Tips to Hike Farther in a Day

  • Pack Light: With lightweight gear you’ll be able to hike farther, faster and with less strain on your body. Make sure you set a pack weight of less than 35 pounds if you’ll be hiking long distances. You’ll have to cut even more weight if you’re trying to hit the 30 miles per day mark.
  • Wake Up Early: You only have so many hours in the day. If you wake up right at sunrise you’ll have a lot more wiggle room. Getting 15-20 miles in a day is easy when you spread it over 10 hours. Just make sure you have all your gear organized and ready to go before bed so you can hit the trail bright and early.
  • Skip Breakfast: Have a quick snack when you wake up and hit the trail fast. Don’t spend a couple of hours in the morning making breakfast/coffee. Wait until you’re already on the trail for a few hours and take a nice long breakfast break. If you really need your morning caffeine boost bring along some caffeinated electrolyte tablets (On Amazon).
  • Take Lots of Breaks: To maintain your sanity over a 10 hour hike you’ll need to take lots of breaks. Take off your shoes, grab a quick snack, and kick back and relax for a bit.

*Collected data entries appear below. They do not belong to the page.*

(* Let $n\ge1$, $H\in\mathbb{R}^{n\times n}$ symmetric positive semidefinite, $h\in\mathbb{R}^n$, $\lambda>0$, and let $(z^k,v^k,s^k)_{k\ge0}$ be the iterates of the predictor–corrector algorithm described in the context, started from a point $(z^0,v^0,s^0)\in\mathcal{N}(1/4)$. Then at every iteration $k$, \[ \Delta\mu_p\le\frac14\mu^k,\qquad \hat\mu^k\le\Big(1-\frac{\alpha^k}{2}\Big)^2\mu^k,\qquad \Delta\mu_c\le\Big(1-\frac{\alpha^k}{2}\Big)^2\frac{1}{16n}\mu^k . \]
   Context: Box-QP: $\min_{z}\frac12 z^\top Hz+z^\top h$ s.t. $-\mathbf{1}_n\le z\le\mathbf{1}_n$, objective scaled by $2\lambda$. Variables: $z\in\mathbb{R}^n$, $v=(\gamma,\theta)\in\mathbb{R}^{2n}$, $s=(\phi,\psi)\in\mathbb{R}^{2n}$. $\mathcal{F}^+=\{(z,v,s): 2\lambda Hz+2\lambda h+\gamma-\theta=0,\ z+\phi-\mathbf{1}_n=0,\ z-\psi+\mathbf{1}_n=0,\ (\gamma,\theta,\phi,\psi)>0\}$; for $\beta\in[0,1]$, $\mathcal{N}(\beta)=\{(z,v,s)\in\mathcal{F}^+:\|v\odot s-\mu\mathbf{1}_{2n}\|\le\beta\mu\}$, $\mu=\frac{v^\top s}{2n}$. With $\Omega=[I_n,-I_n]$, the Newton system at $(z,v,s)$ with parameters $\sigma,\mu$ is $(2\lambda H)\Delta z+\Omega\Delta v=0$, $\Omega^\top\Delta z+\Delta s=0$, $s\odot\Delta v+v\odot\Delta s=\sigma\mu\mathbf{1}_{2n}-v\odot s$. Algorithm, iteration $k$: set $\mu^k=\frac{(v^k)^\top s^k}{2n}$; let $(\Delta z_p,\Delta v_p,\Delta s_p)$ solve the Newton system at $(z^k,v^k,s^k)$ with $\sigma=0$, $\mu=\mu^k$; $\Delta\mu_p=\frac{\Delta v_p^\top\Delta s_p}{2n}$; $\alpha^k=\min\big(\frac12,\sqrt{\mu^k/(8\|\Delta v_p\odot\Delta s_p-\Delta\mu_p\mathbf{1}_{2n}\|)}\big)$ (square-root term read as $+\infty$ if the norm is $0$); $(\hat z^k,\hat v^k,\hat s^k)=(z^k,v^k,s^k)+\alpha^k(\Delta z_p,\Delta v_p,\Delta s_p)$; $\hat\mu^k=\frac{(\hat v^k)^\top\hat s^k}{2n}$; let $(\Delta z_c,\Delta v_c,\Delta s_c)$ solve the Newton system at $(\hat z^k,\hat v^k,\hat s^k)$ with $\sigma=1$, $\mu=\hat\mu^k$; $\Delta\mu_c=\frac{\Delta v_c^\top\Delta s_c}{2n}$; $(z^{k+1},v^{k+1},s^{k+1})=(\hat z^k,\hat v^k,\hat s^k)+(\Delta z_c,\Delta v_c,\Delta s_c)$. $\odot$ is the Hadamard product, $\|\cdot\|$ the Euclidean norm. *)

(* R is an arbitrary real closed field (needed for Num.sqrt);
   vectors of R^m are column vectors 'cV[R]_m. *)
From HB Require Import structures.
From mathcomp Require Import all_boot all_order all_algebra.
Set Implicit Arguments. Unset Strict Implicit. Unset Printing Implicit Defensive.
Import Order.TTheory GRing.Theory Num.Theory.
Local Open Scope ring_scope.

Section BoxQP.
Variable R : rcfType.

Definition had m (u w : 'cV[R]_m) : 'cV[R]_m := \col_i (u i 0 * w i 0).

Definition enorm m (u : 'cV[R]_m) : R := Num.sqrt (\sum_i (u i 0) ^+ 2).

Definition dotv m (u w : 'cV[R]_m) : R := \sum_i u i 0 * w i 0.

Definition cst m (c : R) : 'cV[R]_m := const_mx c.

Definition Omega n : 'M[R]_(n, n + n) := row_mx 1%:M (- 1%:M).

Definition mu_of n (v s : 'cV[R]_(n + n)) : R := dotv v s / (2 * n)%:R.

Definition posv m (u : 'cV[R]_m) : Prop := forall i, 0 < u i 0.

Definition Fplus n (H : 'M[R]_n) (h : 'cV[R]_n) (lam : R)
    (z : 'cV[R]_n) (v s : 'cV[R]_(n + n)) : Prop :=
  let gam := usubmx v in let th := dsubmx v in
  let phi := usubmx s in let psi := dsubmx s in
  [/\ (2 * lam) *: (H *m z) + (2 * lam) *: h + gam - th = 0,
      z + phi - cst n 1 = 0,
      z - psi + cst n 1 = 0 &
      posv v /\ posv s].

Definition Nbhd n (H : 'M[R]_n) (h : 'cV[R]_n) (lam beta : R)
    (z : 'cV[R]_n) (v s : 'cV[R]_(n + n)) : Prop :=
  Fplus H h lam z v s /\
  enorm (had v s - cst (n + n) (mu_of v s)) <= beta * mu_of v s.

Definition newton n (H : 'M[R]_n) (lam : R)
    (z : 'cV[R]_n) (v s : 'cV[R]_(n + n)) (sigma mu : R)
    (dz : 'cV[R]_n) (dv ds : 'cV[R]_(n + n)) : Prop :=
  [/\ (2 * lam) *: (H *m dz) + Omega n *m dv = 0,
      (Omega n)^T *m dz + ds = 0 &
      had s dv + had v ds = cst (n + n) (sigma * mu) - had v s].

(* step length alpha = min(1/2, sqrt(mu/(8 ||dv o ds - dmu 1||))),
   the square-root term being +infinity when the norm is 0 *)
Definition alpha_of n (mu : R) (dvp dsp : 'cV[R]_(n + n)) : R :=
  let nr := enorm (had dvp dsp - cst (n + n) (mu_of dvp dsp)) in
  if nr == 0 then 2^-1 else Num.min (2^-1) (Num.sqrt (mu / (8 * nr))).

End BoxQP.

From HB Require Import structures.
From mathcomp Require Import all_boot all_order all_algebra.
From mathcomp Require Import ring lra.
Set Implicit Arguments.
Unset Strict Implicit.
Unset Printing Implicit Defensive.

Import Order.TTheory GRing.Theory Num.Theory.
Local Open Scope ring_scope.

(* The predictor direction satisfies [s dv + v ds = - v s] componentwise, so
   AM-GM gives [dv_i ds_i <= v_i s_i / 4], and [v(t) s(t) = (1 - t) v s + t^2 dv ds]
   exactly; hence [mu(t) = (1 - t) mu + t^2 dmu_p <= (1 - t/2)^2 mu], and the choice of
   the step length keeps every point of the segment in N(1/2), so positivity is never
   lost.  Positive semidefiniteness of H makes every Newton direction monotone:
   [dv^T ds = 2 lam dz^T H dz >= 0].  At a point of N(1/2) the centering direction
   satisfies [dv_i ds_i <= (mu - v_i s_i)^2 / (2 mu)], whose sum is at most [mu / 8];
   this bounds dmu_c and returns the iterate to N(1/4), so the three bounds hold at
   every iteration by induction. *)

Section Scalars.
Variable R : realFieldType.

Lemma amgm_cross (a b c d : R) : 4 * (a * b) * (c * d) <= (b * c + a * d) ^+ 2.
Proof. have := sqr_ge0 (b * c - a * d); lra. Qed.

Lemma affine_path_gt0 (a c T : R) : 0 < a -> 0 <= T ->
  (forall t, 0 <= t <= T -> a + t * c != 0) -> 0 < a + T * c.
Proof.
move=> a_gt0 T_ge0 nz; rewrite ltNge; apply/negP => aTc_le0.
have c_lt0 : c < 0 by rewrite ltNge; apply/negP => c_ge0; nra.
have t0_ge0 : 0 <= a / - c by rewrite divr_ge0 ?oppr_ge0 ?ltW.
have t0_le : a / - c <= T by rewrite ler_pdivrMr ?oppr_gt0 //; lra.
have := nz (a / - c); rewrite t0_ge0 t0_le invrN mulrN mulNr divfK ?subrr ?eqxx.
- by move/(_ isT).
- exact: ltr0_neq0.
Qed.

Lemma affine_pair_path_gt0 (a b c d T : R) : 0 < a -> 0 < b -> 0 <= T ->
  (forall t, 0 <= t <= T -> 0 < (a + t * c) * (b + t * d)) ->
  0 < a + T * c /\ 0 < b + T * d.
Proof.
move=> a_gt0 b_gt0 T_ge0 prod_gt0.
by split; apply: affine_path_gt0 => // t /prod_gt0;
  apply: contraTneq => ->; rewrite ?mul0r ?mulr0 ltxx.
Qed.

Lemma ler_sum_term {m} (F : 'I_m -> R) j : (forall i, 0 <= F i) -> F j <= \sum_i F i.
Proof. by move=> F_ge0; rewrite (bigD1 j) //= lerDl sumr_ge0. Qed.

Lemma sum_sqr_le_sqr_sum {m} (F : 'I_m -> R) :
  (forall i, 0 <= F i) -> \sum_i F i ^+ 2 <= (\sum_i F i) ^+ 2.
Proof.
move=> F_ge0; rewrite [leRHS]expr2 mulr_suml; apply: ler_sum => i _.
by rewrite expr2 ler_wpM2l ?ler_sum_term.
Qed.

End Scalars.

Section Vectors.
Variables (R : rcfType) (m : nat).
Implicit Types (u w v s dv ds : 'cV[R]_m) (c t : R).

Definition avg u : R := (\sum_i u i 0) / m%:R.

Definition dev u : 'cV[R]_m := u - cst m (avg u).

(* The neighbourhood N(beta) without the linear equations of F+, which the
   estimates never use; [avg (had v s)] is [mu_of v s] (see [mu_ofE]). *)
Definition centered (beta : R) v s : Prop :=
  [/\ posv v, posv s & enorm (dev (had v s)) <= beta * avg (had v s)].

Lemma avgD u w : avg (u + w) = avg u + avg w.
Proof. by rewrite /avg -mulrDl -big_split; congr (_ / _); apply: eq_bigr => i _; rewrite mxE. Qed.

Lemma avgZ c u : avg (c *: u) = c * avg u.
Proof. by rewrite /avg mulrA mulr_sumr; congr (_ / _); apply: eq_bigr => i _; rewrite mxE. Qed.

Lemma devD u w : dev (u + w) = dev u + dev w.
Proof. by apply/matrixP => i j; rewrite /dev avgD !mxE; ring. Qed.

Lemma devZ c u : dev (c *: u) = c *: dev u.
Proof. by apply/matrixP => i j; rewrite /dev avgZ !mxE; ring. Qed.

Lemma had_path t v s dv ds :
  had (v + t *: dv) (s + t *: ds) = had v s + t *: (had s dv + had v ds) + t ^+ 2 *: had dv ds.
Proof. by apply/matrixP => i j; rewrite !mxE; ring. Qed.

Lemma enorm_ge0 u : 0 <= enorm u.
Proof. exact: sqrtr_ge0. Qed.

Lemma enorm_sqr u : enorm u ^+ 2 = \sum_i u i 0 ^+ 2.
Proof. by rewrite sqr_sqrtr // sumr_ge0 // => i _; rewrite sqr_ge0. Qed.

Lemma enormZ c u : enorm (c *: u) = `|c| * enorm u.
Proof.
rewrite /enorm -sqrtr_sqr -sqrtrM ?sqr_ge0 // mulr_sumr.
by congr Num.sqrt; apply: eq_bigr => i _; rewrite mxE exprMn.
Qed.

Lemma enormD_sqr_le u w : enorm (u + w) ^+ 2 <= 2 * enorm u ^+ 2 + 2 * enorm w ^+ 2.
Proof.
rewrite !enorm_sqr !mulr_sumr -big_split /=; apply: ler_sum => i _; rewrite mxE.
have := sqr_ge0 (u i 0 - w i 0); nra.
Qed.

Lemma normr_entry_le_enorm u i : `|u i 0| <= enorm u.
Proof.
rewrite -ler_sqr ?nnegrE ?enorm_ge0 // real_normK ?num_real // enorm_sqr.
by apply: (@ler_sum_term _ _ (fun k => u k 0 ^+ 2)) => k; rewrite sqr_ge0.
Qed.

Lemma enorm_le_sum_norm u : enorm u <= \sum_i `|u i 0|.
Proof.
rewrite -ler_sqr ?nnegrE ?enorm_ge0 ?sumr_ge0 // enorm_sqr.
under eq_bigr => i _ do rewrite -real_normK ?num_real //.
exact: sum_sqr_le_sqr_sum.
Qed.

Hypothesis m_gt0 : (0 < m)%N.

Lemma avg_cst c : avg (cst m c) = c.
Proof.
rewrite /avg (eq_bigr (fun _ => c)) => [|i _]; last by rewrite mxE.
by rewrite sumr_const card_ord -[c *+ m]mulr_natr mulfK ?pnatr_eq0 -?lt0n.
Qed.

Lemma dev_cst c : dev (cst m c) = 0.
Proof. by rewrite /dev avg_cst subrr. Qed.

Lemma enorm_dev_le u : enorm (dev u) <= enorm u.
Proof.
rewrite -ler_sqr ?nnegrE ?enorm_ge0 // !enorm_sqr; set a := avg u.
have sumE : \sum_i u i 0 = a * m%:R by rewrite /a /avg divfK ?pnatr_eq0 -?lt0n.
have -> : \sum_i dev u i 0 ^+ 2 = \sum_i (u i 0 ^+ 2 - 2 * a * u i 0 + a ^+ 2).
  by apply: eq_bigr => i _; rewrite !mxE -/a; ring.
rewrite !big_split /= sumrN -mulr_sumr sumE sumr_const card_ord -[a ^+ 2 *+ m]mulr_natr.
by have := mulr_ge0 (sqr_ge0 a) (ler0n R m); lra.
Qed.

Lemma avg_had_gt0 v s : posv v -> posv s -> 0 < avg (had v s).
Proof.
move=> v_gt0 s_gt0; rewrite /avg divr_gt0 ?ltr0n //.
have x_gt0 i : 0 < had v s i 0 by rewrite mxE mulr_gt0.
apply: lt_le_trans (x_gt0 (Ordinal m_gt0)) _.
by apply: (@ler_sum_term _ _ (fun i => had v s i 0)) => i; rewrite ltW.
Qed.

Personally I try to take a quick 10-minute break every hour or so. I might take 45 minutes to an hour around lunchtime, but I tend to get antsy.
  • Pace Yourself and Keep Track of Time: Make sure you keep track of time and distance traveled so you can adjust your pace throughout the day. Maintain a moderate hiking pace of 2-3 mph and slow down in difficult terrain. If you dip below the 2mph mark shorten your breaks. I’d rather skip lunch to make up a little time than increase my hiking pace on the trail.